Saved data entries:

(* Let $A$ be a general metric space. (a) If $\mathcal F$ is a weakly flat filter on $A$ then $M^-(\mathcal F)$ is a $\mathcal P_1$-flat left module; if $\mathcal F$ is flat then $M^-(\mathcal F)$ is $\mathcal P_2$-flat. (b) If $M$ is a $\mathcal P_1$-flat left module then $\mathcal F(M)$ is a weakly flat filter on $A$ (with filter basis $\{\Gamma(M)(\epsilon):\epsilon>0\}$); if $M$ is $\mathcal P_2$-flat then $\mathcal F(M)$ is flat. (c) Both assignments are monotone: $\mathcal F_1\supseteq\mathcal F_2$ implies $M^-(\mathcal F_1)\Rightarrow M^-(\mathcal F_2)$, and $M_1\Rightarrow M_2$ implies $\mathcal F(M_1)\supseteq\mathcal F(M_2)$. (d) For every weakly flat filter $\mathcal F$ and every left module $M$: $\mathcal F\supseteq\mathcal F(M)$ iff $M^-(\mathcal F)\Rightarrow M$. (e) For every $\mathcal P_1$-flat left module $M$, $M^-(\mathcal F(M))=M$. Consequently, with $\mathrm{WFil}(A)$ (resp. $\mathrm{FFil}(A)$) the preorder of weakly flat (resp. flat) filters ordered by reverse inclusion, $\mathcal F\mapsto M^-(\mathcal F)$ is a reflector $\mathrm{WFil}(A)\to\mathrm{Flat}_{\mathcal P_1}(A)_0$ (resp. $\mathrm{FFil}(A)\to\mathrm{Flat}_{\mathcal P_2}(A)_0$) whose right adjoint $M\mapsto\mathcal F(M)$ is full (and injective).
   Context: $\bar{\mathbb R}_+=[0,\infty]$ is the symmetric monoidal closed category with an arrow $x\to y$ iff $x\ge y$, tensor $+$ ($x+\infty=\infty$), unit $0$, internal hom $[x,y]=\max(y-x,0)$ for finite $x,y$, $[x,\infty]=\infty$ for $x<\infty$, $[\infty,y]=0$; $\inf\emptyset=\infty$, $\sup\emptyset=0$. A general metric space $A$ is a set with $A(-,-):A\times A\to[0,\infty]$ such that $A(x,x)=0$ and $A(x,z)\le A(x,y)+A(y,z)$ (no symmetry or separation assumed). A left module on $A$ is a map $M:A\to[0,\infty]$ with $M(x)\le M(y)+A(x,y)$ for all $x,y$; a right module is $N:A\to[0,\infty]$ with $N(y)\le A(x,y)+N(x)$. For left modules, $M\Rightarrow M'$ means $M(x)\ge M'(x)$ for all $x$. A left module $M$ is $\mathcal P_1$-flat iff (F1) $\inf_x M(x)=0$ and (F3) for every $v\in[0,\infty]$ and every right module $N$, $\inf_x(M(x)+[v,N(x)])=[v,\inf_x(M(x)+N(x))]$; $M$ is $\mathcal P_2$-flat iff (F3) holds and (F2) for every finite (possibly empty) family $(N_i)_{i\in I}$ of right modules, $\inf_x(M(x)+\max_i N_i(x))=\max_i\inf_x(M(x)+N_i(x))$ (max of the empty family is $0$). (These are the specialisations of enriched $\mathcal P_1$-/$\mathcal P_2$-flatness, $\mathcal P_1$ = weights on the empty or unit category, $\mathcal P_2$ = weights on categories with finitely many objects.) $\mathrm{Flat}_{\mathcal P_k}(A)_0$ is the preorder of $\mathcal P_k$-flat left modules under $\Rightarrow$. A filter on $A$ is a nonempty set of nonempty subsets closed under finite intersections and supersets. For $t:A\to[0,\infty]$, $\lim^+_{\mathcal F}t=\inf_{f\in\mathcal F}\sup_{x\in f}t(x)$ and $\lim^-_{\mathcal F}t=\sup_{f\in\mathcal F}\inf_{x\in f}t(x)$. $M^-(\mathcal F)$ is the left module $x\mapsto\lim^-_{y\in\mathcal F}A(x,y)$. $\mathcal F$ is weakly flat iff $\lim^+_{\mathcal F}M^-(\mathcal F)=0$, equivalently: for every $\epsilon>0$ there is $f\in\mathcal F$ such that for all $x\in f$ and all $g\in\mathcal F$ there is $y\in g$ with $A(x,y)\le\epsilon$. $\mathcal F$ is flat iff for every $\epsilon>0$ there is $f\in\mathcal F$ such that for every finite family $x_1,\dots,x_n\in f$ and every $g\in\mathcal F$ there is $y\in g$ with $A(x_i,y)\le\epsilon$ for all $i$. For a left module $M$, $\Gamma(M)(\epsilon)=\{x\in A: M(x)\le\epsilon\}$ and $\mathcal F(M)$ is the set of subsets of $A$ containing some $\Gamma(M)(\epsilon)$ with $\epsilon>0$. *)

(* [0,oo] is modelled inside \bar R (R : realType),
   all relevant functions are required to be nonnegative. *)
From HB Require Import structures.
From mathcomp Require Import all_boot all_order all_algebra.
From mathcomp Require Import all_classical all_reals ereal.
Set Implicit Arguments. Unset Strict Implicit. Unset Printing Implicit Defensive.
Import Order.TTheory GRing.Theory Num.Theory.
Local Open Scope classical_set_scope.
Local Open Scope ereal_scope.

==

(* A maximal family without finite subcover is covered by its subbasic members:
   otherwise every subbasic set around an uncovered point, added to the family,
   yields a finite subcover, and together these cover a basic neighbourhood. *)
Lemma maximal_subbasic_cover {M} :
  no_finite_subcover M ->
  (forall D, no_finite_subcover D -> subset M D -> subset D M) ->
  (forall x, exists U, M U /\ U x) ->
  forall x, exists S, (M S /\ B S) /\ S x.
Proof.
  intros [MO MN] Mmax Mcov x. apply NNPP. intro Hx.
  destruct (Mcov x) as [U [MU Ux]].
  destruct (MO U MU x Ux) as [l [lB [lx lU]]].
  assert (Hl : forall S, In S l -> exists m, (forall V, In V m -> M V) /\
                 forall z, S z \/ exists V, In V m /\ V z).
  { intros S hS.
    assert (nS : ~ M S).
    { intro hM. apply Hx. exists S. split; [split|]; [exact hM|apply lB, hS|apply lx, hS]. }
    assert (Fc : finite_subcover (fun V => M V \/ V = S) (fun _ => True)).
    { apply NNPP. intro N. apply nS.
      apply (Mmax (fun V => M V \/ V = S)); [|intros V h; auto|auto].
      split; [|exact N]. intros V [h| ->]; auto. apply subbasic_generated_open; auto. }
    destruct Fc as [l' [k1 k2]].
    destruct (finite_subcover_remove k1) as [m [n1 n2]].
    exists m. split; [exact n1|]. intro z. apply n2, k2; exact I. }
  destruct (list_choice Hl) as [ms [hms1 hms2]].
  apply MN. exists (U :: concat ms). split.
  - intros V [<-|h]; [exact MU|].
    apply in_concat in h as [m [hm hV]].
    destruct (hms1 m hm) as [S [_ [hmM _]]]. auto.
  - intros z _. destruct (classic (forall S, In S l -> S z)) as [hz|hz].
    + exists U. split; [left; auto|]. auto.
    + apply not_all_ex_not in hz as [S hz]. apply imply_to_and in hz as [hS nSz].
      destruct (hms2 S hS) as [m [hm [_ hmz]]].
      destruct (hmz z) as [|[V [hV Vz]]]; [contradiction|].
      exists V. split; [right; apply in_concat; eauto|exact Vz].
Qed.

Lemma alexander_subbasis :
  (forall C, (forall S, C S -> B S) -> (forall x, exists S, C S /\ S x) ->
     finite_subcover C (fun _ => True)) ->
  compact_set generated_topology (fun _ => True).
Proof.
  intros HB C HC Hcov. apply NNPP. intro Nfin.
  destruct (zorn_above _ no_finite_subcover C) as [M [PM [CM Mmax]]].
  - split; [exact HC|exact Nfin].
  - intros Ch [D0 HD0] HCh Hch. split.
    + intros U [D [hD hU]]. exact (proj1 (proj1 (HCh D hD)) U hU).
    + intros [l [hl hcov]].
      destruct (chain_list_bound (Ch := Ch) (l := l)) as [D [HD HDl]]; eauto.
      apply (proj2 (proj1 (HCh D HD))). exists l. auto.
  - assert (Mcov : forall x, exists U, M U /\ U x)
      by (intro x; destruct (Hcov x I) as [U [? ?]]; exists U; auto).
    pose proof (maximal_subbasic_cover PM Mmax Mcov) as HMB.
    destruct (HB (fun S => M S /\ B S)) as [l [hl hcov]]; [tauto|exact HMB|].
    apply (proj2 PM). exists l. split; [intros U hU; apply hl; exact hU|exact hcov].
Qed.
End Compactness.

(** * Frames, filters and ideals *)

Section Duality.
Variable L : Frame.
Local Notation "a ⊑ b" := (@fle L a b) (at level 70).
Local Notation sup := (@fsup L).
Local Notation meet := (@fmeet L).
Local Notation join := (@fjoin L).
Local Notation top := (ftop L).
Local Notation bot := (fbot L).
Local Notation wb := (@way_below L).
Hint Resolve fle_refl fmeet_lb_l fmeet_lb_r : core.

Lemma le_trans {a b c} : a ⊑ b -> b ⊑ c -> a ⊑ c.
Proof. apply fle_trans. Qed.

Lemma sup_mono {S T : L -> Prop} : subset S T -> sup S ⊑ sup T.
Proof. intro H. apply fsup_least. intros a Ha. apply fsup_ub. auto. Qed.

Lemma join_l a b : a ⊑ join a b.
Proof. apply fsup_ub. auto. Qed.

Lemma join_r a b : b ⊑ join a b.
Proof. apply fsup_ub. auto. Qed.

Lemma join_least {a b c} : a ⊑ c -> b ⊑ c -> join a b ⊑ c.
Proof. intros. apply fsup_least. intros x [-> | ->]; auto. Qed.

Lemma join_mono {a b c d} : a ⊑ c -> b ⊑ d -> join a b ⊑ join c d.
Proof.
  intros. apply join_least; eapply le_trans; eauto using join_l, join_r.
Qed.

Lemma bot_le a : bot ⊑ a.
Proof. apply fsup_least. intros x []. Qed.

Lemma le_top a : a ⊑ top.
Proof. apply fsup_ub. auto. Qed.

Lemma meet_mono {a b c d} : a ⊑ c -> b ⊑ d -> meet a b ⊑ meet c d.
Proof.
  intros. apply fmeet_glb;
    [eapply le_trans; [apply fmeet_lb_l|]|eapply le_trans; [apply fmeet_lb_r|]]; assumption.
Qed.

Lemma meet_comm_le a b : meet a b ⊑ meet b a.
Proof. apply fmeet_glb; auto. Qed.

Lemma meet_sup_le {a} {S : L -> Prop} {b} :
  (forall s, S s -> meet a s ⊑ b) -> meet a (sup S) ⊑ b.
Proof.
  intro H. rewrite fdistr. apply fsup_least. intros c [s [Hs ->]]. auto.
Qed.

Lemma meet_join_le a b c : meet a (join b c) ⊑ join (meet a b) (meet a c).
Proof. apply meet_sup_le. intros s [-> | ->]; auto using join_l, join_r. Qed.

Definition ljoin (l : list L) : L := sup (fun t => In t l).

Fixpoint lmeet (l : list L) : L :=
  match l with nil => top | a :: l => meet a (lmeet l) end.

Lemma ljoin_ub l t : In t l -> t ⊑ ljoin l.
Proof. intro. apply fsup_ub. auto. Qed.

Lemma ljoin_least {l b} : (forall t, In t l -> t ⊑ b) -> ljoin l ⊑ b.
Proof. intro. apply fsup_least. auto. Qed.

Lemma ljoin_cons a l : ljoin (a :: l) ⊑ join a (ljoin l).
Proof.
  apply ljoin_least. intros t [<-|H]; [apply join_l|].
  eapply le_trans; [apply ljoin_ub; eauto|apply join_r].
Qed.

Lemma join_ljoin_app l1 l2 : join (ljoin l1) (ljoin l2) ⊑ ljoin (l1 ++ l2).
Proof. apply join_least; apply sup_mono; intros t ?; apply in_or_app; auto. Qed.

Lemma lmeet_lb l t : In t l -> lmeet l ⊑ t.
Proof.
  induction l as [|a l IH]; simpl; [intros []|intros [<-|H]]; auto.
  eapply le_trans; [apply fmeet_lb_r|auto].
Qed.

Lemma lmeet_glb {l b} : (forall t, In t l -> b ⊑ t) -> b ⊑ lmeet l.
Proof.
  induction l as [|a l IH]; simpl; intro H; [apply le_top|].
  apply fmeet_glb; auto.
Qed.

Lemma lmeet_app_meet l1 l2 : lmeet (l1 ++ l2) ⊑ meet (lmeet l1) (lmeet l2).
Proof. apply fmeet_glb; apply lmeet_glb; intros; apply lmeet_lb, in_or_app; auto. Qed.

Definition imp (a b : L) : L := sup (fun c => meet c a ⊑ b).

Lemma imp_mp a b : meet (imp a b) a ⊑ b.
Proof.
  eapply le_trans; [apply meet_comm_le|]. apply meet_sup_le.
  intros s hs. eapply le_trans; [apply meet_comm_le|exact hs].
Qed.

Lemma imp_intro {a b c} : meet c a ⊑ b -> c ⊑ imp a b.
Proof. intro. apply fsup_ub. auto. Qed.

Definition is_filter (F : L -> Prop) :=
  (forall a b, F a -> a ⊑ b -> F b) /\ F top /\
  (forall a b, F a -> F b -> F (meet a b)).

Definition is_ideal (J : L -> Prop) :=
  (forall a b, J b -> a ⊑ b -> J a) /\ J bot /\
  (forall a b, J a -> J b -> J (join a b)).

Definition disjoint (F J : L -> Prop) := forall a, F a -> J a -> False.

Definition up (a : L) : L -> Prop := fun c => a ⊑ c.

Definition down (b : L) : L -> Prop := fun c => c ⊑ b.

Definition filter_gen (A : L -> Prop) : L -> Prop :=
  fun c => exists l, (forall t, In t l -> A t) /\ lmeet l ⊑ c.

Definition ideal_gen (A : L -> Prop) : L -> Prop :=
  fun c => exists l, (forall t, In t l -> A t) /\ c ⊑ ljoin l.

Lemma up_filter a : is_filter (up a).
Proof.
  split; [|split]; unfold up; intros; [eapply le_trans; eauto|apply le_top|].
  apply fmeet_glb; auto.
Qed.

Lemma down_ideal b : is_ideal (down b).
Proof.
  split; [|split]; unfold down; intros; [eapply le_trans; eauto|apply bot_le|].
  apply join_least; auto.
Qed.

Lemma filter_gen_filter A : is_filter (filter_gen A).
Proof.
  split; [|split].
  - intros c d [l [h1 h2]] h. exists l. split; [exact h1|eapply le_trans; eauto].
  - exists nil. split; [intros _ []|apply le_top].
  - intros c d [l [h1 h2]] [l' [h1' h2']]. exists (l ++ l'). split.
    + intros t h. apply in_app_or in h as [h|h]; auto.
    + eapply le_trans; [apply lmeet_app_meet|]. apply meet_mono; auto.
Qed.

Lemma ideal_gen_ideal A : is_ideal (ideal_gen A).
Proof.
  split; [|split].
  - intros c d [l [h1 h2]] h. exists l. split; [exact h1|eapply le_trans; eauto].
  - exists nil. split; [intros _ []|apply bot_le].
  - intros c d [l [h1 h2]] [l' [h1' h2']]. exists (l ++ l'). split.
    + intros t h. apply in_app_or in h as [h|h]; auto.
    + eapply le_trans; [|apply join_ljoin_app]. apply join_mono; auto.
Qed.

| Task directions |
As listed above, the lines from the line with "destruct (Mcov x) as [U [MU Ux]]." to the line with "intro hM. apply" are to be echoed exactly, with both ends included and nothing added.

| Task output |
  destruct (Mcov x) as [U [MU Ux]].
  destruct (MO U MU x Ux) as [l [lB [lx lU]]].
  assert (Hl : forall S, In S l -> exists m, (forall V, In V m -> M V) /\
                 forall z, S z \/ exists V, In V m /\ V z).
  { intros S hS.
    assert (nS : ~ M S).
    { intro hM. apply Hx. exists S. split; [split|]; [exact hM|apply lB, hS|apply lx, hS]. }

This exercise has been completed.